==== Input for this task
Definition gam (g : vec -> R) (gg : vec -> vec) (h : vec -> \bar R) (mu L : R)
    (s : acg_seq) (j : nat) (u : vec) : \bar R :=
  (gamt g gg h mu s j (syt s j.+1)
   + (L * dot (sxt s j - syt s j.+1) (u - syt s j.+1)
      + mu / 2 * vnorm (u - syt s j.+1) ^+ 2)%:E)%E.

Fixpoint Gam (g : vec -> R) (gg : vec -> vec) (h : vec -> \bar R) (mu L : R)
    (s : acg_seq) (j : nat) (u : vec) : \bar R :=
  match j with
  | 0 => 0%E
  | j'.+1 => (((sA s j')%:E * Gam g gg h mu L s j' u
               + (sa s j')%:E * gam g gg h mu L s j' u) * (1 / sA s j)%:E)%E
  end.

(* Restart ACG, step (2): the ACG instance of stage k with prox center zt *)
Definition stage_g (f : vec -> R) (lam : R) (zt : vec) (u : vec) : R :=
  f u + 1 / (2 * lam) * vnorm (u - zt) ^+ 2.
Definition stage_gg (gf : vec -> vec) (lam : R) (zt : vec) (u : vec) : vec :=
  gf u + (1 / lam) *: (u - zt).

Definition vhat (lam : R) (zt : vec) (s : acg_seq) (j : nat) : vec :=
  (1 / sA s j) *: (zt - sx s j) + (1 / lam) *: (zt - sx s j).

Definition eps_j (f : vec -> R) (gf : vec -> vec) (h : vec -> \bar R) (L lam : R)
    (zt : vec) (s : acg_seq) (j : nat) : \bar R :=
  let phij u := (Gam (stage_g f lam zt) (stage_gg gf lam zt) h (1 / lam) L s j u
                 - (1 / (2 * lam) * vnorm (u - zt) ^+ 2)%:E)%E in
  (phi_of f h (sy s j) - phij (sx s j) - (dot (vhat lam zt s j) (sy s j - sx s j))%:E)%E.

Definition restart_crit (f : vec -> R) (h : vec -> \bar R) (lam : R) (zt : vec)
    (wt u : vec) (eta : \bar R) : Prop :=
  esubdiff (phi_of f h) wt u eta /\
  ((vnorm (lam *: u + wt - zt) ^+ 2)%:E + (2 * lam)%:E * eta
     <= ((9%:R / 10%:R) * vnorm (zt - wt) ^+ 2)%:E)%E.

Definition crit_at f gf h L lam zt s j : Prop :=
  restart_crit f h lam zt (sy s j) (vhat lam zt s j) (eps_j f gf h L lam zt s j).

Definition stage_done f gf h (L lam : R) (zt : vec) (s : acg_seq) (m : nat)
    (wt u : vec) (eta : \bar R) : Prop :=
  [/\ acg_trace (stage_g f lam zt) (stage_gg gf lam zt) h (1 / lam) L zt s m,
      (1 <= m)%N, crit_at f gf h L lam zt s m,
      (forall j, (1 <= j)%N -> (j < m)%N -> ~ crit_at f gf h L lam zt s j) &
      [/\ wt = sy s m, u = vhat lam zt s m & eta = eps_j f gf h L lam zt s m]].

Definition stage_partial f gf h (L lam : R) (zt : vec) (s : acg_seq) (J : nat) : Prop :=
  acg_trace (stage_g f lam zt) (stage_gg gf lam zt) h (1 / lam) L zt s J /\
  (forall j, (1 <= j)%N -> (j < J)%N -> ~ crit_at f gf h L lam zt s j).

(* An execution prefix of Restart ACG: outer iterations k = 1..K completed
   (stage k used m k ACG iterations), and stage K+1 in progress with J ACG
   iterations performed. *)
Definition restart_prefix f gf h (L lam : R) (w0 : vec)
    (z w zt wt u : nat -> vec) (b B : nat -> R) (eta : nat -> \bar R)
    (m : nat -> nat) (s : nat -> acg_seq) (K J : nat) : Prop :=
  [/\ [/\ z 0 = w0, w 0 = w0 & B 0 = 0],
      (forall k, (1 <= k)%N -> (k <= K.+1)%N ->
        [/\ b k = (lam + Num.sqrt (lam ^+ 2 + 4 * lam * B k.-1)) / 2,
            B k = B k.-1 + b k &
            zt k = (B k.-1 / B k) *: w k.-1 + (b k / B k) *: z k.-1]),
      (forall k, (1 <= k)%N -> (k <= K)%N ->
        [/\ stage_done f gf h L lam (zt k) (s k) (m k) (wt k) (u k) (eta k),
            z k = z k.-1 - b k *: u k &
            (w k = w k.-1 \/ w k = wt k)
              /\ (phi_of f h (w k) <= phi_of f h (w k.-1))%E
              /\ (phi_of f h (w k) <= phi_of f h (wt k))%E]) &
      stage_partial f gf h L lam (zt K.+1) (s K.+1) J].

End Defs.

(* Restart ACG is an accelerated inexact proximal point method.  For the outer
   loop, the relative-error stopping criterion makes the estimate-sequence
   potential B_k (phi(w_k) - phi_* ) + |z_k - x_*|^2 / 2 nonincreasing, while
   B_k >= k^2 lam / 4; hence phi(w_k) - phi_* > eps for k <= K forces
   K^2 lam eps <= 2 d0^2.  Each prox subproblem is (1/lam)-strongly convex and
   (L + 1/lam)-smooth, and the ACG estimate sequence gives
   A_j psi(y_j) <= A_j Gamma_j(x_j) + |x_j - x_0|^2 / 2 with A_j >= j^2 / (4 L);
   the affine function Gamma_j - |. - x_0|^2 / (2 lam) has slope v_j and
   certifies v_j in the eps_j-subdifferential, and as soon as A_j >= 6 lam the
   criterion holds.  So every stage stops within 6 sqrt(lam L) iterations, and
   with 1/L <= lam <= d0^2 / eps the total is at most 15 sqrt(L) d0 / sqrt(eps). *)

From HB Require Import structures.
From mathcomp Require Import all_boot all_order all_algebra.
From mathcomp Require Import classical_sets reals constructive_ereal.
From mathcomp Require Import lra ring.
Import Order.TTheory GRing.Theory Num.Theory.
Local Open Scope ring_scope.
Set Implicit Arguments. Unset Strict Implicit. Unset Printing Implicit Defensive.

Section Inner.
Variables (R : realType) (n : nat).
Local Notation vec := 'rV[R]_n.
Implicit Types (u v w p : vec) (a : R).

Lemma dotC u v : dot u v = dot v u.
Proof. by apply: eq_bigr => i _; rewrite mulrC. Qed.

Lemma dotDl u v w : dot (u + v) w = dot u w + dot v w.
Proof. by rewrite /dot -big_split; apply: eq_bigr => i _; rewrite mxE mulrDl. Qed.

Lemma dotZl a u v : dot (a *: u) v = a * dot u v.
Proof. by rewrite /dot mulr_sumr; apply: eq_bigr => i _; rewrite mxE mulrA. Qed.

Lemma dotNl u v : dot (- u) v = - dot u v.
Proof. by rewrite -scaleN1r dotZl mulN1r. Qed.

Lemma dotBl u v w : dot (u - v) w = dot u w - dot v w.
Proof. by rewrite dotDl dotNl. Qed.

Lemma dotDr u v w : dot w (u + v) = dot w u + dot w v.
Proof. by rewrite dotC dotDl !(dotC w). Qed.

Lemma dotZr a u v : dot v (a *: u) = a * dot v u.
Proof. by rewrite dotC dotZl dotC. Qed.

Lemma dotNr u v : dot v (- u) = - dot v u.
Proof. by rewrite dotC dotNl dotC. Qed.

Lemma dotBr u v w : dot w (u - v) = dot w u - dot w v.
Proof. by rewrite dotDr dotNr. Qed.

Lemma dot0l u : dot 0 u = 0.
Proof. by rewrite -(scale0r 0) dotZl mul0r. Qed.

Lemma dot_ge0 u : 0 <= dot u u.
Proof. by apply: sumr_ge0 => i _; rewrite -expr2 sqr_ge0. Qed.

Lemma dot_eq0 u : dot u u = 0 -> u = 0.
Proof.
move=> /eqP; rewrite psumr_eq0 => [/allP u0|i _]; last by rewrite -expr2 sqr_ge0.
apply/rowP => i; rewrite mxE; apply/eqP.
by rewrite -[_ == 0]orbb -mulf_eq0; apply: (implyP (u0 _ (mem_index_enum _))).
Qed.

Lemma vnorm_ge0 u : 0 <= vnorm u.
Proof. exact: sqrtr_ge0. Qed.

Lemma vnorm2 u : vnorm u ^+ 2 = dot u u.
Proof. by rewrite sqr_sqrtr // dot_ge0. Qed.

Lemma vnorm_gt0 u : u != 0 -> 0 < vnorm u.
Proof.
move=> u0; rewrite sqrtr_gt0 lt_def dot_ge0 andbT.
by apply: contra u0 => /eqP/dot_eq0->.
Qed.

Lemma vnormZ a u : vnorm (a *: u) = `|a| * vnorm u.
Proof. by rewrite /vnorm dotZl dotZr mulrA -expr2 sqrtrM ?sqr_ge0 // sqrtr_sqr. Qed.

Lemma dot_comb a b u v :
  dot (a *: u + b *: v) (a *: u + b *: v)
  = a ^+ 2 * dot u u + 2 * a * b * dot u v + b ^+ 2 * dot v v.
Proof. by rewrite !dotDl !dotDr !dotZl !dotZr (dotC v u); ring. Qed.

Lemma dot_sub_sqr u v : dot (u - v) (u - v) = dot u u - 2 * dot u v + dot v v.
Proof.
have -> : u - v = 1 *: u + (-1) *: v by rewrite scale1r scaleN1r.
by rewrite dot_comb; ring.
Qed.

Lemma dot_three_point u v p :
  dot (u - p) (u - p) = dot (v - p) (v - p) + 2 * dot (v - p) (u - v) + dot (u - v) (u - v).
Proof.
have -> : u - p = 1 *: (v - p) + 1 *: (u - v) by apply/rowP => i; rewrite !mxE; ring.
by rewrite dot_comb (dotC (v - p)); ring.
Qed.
========
→ Exercise: Once you find the line containing "[/\ wt = sy s", stop: reproduce exactly that line and every line of the data before it, and nothing else.

→ Task result:
Definition gam (g : vec -> R) (gg : vec -> vec) (h : vec -> \bar R) (mu L : R)
    (s : acg_seq) (j : nat) (u : vec) : \bar R :=
  (gamt g gg h mu s j (syt s j.+1)
   + (L * dot (sxt s j - syt s j.+1) (u - syt s j.+1)
      + mu / 2 * vnorm (u - syt s j.+1) ^+ 2)%:E)%E.

Fixpoint Gam (g : vec -> R) (gg : vec -> vec) (h : vec -> \bar R) (mu L : R)
    (s : acg_seq) (j : nat) (u : vec) : \bar R :=
  match j with
  | 0 => 0%E
  | j'.+1 => (((sA s j')%:E * Gam g gg h mu L s j' u
               + (sa s j')%:E * gam g gg h mu L s j' u) * (1 / sA s j)%:E)%E
  end.

(* Restart ACG, step (2): the ACG instance of stage k with prox center zt *)
Definition stage_g (f : vec -> R) (lam : R) (zt : vec) (u : vec) : R :=
  f u + 1 / (2 * lam) * vnorm (u - zt) ^+ 2.
Definition stage_gg (gf : vec -> vec) (lam : R) (zt : vec) (u : vec) : vec :=
  gf u + (1 / lam) *: (u - zt).

Definition vhat (lam : R) (zt : vec) (s : acg_seq) (j : nat) : vec :=
  (1 / sA s j) *: (zt - sx s j) + (1 / lam) *: (zt - sx s j).

Definition eps_j (f : vec -> R) (gf : vec -> vec) (h : vec -> \bar R) (L lam : R)
    (zt : vec) (s : acg_seq) (j : nat) : \bar R :=
  let phij u := (Gam (stage_g f lam zt) (stage_gg gf lam zt) h (1 / lam) L s j u
                 - (1 / (2 * lam) * vnorm (u - zt) ^+ 2)%:E)%E in
  (phi_of f h (sy s j) - phij (sx s j) - (dot (vhat lam zt s j) (sy s j - sx s j))%:E)%E.

Definition restart_crit (f : vec -> R) (h : vec -> \bar R) (lam : R) (zt : vec)
    (wt u : vec) (eta : \bar R) : Prop :=
  esubdiff (phi_of f h) wt u eta /\
  ((vnorm (lam *: u + wt - zt) ^+ 2)%:E + (2 * lam)%:E * eta
     <= ((9%:R / 10%:R) * vnorm (zt - wt) ^+ 2)%:E)%E.

Definition crit_at f gf h L lam zt s j : Prop :=
  restart_crit f h lam zt (sy s j) (vhat lam zt s j) (eps_j f gf h L lam zt s j).

Definition stage_done f gf h (L lam : R) (zt : vec) (s : acg_seq) (m : nat)
    (wt u : vec) (eta : \bar R) : Prop :=
  [/\ acg_trace (stage_g f lam zt) (stage_gg gf lam zt) h (1 / lam) L zt s m,
      (1 <= m)%N, crit_at f gf h L lam zt s m,
      (forall j, (1 <= j)%N -> (j < m)%N -> ~ crit_at f gf h L lam zt s j) &
      [/\ wt = sy s m, u = vhat lam zt s m & eta = eps_j f gf h L lam zt s m]].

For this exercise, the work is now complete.